── Given information

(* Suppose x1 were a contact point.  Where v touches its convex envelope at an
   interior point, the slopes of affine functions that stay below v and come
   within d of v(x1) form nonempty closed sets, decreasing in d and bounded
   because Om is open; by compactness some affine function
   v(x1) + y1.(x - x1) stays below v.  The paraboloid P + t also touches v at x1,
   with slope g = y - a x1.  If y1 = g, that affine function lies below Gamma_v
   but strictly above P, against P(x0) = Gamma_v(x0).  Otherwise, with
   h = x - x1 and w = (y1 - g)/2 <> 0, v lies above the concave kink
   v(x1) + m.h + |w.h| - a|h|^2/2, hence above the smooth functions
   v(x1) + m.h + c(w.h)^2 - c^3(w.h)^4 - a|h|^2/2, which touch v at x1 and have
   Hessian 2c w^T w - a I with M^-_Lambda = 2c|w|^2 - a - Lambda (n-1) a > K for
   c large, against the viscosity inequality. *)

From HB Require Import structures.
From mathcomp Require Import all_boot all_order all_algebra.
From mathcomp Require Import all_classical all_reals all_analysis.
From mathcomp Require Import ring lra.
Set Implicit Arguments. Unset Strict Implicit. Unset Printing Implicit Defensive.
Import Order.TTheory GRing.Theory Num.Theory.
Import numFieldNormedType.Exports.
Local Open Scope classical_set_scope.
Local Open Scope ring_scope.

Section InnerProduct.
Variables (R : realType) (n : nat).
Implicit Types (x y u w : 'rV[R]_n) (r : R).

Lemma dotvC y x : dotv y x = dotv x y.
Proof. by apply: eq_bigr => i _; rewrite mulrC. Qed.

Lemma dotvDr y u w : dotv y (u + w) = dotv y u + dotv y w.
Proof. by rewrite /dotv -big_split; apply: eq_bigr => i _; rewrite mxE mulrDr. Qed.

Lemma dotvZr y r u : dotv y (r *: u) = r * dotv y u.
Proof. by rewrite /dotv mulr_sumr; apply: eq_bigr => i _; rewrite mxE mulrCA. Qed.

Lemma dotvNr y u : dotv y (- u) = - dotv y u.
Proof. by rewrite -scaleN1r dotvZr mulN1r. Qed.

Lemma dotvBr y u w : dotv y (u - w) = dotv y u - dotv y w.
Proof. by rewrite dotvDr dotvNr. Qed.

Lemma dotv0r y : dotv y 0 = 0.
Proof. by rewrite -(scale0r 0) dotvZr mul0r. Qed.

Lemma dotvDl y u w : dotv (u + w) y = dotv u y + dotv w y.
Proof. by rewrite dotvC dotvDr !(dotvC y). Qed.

────
── Given information

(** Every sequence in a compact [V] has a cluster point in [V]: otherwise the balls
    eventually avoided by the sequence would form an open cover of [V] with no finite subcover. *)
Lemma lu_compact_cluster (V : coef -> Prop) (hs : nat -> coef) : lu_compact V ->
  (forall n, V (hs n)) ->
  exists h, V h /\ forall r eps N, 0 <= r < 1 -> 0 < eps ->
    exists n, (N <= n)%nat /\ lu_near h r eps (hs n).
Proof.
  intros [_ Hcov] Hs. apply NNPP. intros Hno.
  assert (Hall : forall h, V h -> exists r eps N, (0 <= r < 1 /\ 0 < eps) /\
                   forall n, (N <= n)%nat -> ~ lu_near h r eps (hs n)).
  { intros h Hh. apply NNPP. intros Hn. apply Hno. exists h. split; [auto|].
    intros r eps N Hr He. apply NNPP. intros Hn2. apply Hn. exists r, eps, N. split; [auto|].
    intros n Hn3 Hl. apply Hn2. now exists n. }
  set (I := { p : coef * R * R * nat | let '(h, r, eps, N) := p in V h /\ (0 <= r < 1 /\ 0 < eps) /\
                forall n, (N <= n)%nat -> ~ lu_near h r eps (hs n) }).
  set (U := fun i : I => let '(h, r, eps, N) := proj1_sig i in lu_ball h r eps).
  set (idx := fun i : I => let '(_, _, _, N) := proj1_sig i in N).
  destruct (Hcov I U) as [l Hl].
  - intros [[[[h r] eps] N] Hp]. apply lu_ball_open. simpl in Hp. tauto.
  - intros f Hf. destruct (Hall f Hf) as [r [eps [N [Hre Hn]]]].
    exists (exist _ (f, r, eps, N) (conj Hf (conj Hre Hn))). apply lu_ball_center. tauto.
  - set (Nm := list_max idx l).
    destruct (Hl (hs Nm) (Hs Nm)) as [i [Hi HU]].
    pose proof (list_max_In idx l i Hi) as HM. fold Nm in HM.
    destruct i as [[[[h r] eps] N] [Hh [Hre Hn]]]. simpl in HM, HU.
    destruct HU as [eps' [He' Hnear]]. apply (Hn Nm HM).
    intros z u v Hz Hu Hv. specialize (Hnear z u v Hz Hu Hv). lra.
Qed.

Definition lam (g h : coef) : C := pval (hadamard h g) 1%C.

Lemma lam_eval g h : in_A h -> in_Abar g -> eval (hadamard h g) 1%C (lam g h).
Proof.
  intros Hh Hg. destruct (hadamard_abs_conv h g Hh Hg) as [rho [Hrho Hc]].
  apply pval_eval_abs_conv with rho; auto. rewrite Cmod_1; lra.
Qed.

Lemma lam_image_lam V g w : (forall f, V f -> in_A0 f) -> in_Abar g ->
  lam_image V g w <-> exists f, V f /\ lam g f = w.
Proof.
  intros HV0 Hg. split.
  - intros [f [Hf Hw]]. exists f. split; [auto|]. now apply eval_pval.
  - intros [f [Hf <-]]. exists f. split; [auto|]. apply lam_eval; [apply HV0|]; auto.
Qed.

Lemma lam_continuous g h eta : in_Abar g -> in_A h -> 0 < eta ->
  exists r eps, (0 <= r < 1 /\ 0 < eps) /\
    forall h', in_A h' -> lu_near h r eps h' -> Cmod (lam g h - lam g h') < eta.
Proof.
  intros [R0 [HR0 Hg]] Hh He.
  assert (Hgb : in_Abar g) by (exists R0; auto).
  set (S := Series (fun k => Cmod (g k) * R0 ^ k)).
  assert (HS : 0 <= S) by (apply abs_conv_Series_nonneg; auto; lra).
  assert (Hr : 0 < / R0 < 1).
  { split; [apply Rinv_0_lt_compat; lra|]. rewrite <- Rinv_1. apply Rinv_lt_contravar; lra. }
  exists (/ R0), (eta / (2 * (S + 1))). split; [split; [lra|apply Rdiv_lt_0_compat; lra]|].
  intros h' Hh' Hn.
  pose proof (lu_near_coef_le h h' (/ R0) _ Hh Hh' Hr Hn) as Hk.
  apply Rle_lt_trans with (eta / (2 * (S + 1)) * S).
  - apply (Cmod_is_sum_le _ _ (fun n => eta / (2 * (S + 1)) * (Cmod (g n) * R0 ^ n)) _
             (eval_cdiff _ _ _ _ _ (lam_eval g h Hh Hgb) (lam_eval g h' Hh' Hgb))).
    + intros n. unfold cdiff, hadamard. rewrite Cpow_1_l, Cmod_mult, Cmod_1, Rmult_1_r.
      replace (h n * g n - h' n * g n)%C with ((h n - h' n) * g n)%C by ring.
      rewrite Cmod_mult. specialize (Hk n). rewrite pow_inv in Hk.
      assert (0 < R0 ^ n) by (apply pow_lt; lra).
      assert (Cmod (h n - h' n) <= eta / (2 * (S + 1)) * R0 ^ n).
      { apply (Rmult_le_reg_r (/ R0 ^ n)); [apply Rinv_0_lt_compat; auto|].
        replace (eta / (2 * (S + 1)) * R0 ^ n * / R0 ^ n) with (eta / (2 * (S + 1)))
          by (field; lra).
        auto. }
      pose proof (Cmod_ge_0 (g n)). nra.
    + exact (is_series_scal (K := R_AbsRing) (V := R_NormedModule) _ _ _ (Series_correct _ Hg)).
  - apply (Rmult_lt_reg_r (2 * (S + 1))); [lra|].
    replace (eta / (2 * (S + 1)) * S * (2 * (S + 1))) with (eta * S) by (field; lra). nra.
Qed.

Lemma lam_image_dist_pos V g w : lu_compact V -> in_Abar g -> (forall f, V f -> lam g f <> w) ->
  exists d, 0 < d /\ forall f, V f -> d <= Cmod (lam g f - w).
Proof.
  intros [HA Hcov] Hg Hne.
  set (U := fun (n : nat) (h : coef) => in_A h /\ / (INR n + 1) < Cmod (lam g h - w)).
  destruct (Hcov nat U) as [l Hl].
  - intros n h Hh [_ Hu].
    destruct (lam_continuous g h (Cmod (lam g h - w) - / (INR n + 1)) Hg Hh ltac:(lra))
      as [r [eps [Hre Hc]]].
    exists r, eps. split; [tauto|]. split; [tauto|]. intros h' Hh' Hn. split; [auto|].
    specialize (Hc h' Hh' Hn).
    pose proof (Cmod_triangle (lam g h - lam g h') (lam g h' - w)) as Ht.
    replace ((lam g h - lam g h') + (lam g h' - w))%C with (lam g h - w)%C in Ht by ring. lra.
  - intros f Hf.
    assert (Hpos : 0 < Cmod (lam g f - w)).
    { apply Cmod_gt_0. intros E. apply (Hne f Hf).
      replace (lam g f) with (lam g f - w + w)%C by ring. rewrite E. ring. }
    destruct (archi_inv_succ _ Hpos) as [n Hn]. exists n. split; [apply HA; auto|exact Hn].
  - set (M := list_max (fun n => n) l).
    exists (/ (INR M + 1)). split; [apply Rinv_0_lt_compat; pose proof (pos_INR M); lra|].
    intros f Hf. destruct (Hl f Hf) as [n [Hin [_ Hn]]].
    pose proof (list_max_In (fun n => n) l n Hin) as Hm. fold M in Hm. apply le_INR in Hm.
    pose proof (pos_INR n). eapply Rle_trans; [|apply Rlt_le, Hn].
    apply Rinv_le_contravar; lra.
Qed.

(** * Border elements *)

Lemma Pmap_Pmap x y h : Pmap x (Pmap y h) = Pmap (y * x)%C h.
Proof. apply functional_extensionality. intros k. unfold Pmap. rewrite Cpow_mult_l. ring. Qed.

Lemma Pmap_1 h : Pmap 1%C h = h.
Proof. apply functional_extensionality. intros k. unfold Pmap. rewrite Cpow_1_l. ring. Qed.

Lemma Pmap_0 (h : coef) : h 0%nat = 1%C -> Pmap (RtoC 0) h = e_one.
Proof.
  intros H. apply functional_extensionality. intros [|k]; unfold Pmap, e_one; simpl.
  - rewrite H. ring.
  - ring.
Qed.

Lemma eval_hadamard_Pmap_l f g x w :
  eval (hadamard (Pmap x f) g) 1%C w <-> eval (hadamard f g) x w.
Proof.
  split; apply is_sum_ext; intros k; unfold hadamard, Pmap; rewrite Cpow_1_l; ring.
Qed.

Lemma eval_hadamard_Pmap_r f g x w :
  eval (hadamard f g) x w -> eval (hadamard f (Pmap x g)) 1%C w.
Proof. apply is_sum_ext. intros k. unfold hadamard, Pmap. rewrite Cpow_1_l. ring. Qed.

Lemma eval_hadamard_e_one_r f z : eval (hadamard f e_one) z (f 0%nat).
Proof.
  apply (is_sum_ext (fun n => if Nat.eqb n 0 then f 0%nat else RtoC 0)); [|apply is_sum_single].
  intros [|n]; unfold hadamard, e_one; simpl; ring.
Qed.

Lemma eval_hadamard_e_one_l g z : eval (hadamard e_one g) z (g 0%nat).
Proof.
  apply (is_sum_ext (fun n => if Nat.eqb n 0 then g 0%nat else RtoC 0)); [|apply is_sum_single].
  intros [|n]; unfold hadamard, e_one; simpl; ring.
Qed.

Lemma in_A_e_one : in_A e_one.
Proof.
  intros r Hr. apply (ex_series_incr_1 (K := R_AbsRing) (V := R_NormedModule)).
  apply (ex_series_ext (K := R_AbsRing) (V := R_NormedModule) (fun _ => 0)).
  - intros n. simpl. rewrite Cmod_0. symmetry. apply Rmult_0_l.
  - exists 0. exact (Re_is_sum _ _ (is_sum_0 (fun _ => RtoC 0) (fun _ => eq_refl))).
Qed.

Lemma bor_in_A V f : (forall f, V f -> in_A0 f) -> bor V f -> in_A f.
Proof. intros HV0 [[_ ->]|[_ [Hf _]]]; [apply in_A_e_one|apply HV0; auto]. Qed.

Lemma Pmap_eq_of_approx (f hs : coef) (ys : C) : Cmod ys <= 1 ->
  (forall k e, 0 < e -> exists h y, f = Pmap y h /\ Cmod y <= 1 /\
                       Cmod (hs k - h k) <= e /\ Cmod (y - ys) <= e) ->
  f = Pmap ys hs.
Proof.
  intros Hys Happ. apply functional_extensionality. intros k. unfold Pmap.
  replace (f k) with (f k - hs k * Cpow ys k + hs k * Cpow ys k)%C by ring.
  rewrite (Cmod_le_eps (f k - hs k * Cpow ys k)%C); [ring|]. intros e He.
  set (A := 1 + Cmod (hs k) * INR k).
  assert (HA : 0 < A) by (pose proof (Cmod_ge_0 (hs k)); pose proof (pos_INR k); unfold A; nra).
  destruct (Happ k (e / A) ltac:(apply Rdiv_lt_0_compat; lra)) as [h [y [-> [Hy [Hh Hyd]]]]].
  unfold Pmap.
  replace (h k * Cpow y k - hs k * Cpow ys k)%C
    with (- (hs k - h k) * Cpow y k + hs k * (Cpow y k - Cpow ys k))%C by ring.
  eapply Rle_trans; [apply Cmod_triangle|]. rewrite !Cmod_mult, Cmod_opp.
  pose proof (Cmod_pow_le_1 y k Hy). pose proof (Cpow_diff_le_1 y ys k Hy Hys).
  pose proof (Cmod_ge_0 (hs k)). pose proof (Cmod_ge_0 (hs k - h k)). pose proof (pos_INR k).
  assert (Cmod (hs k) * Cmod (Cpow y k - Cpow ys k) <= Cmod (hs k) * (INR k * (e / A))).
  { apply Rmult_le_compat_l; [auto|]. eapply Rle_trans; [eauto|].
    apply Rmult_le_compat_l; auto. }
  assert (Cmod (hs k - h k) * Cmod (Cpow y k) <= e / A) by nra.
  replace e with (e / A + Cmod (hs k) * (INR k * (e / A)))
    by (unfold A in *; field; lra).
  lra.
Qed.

────

#### [Exercise]
Begin with the line that has "Lemma lam_image_lam V" in the listing above and end after the line that has "set (S := Series"; output those lines exactly.

#### [Answer space]
Lemma lam_image_lam V g w : (forall f, V f -> in_A0 f) -> in_Abar g ->
  lam_image V g w <-> exists f, V f /\ lam g f = w.
Proof.
  intros HV0 Hg. split.
  - intros [f [Hf Hw]]. exists f. split; [auto|]. now apply eval_pval.
  - intros [f [Hf <-]]. exists f. split; [auto|]. apply lam_eval; [apply HV0|]; auto.
Qed.

Lemma lam_continuous g h eta : in_Abar g -> in_A h -> 0 < eta ->
  exists r eps, (0 <= r < 1 /\ 0 < eps) /\
    forall h', in_A h' -> lu_near h r eps h' -> Cmod (lam g h - lam g h') < eta.
Proof.
  intros [R0 [HR0 Hg]] Hh He.
  assert (Hgb : in_Abar g) by (exists R0; auto).
  set (S := Series (fun k => Cmod (g k) * R0 ^ k)).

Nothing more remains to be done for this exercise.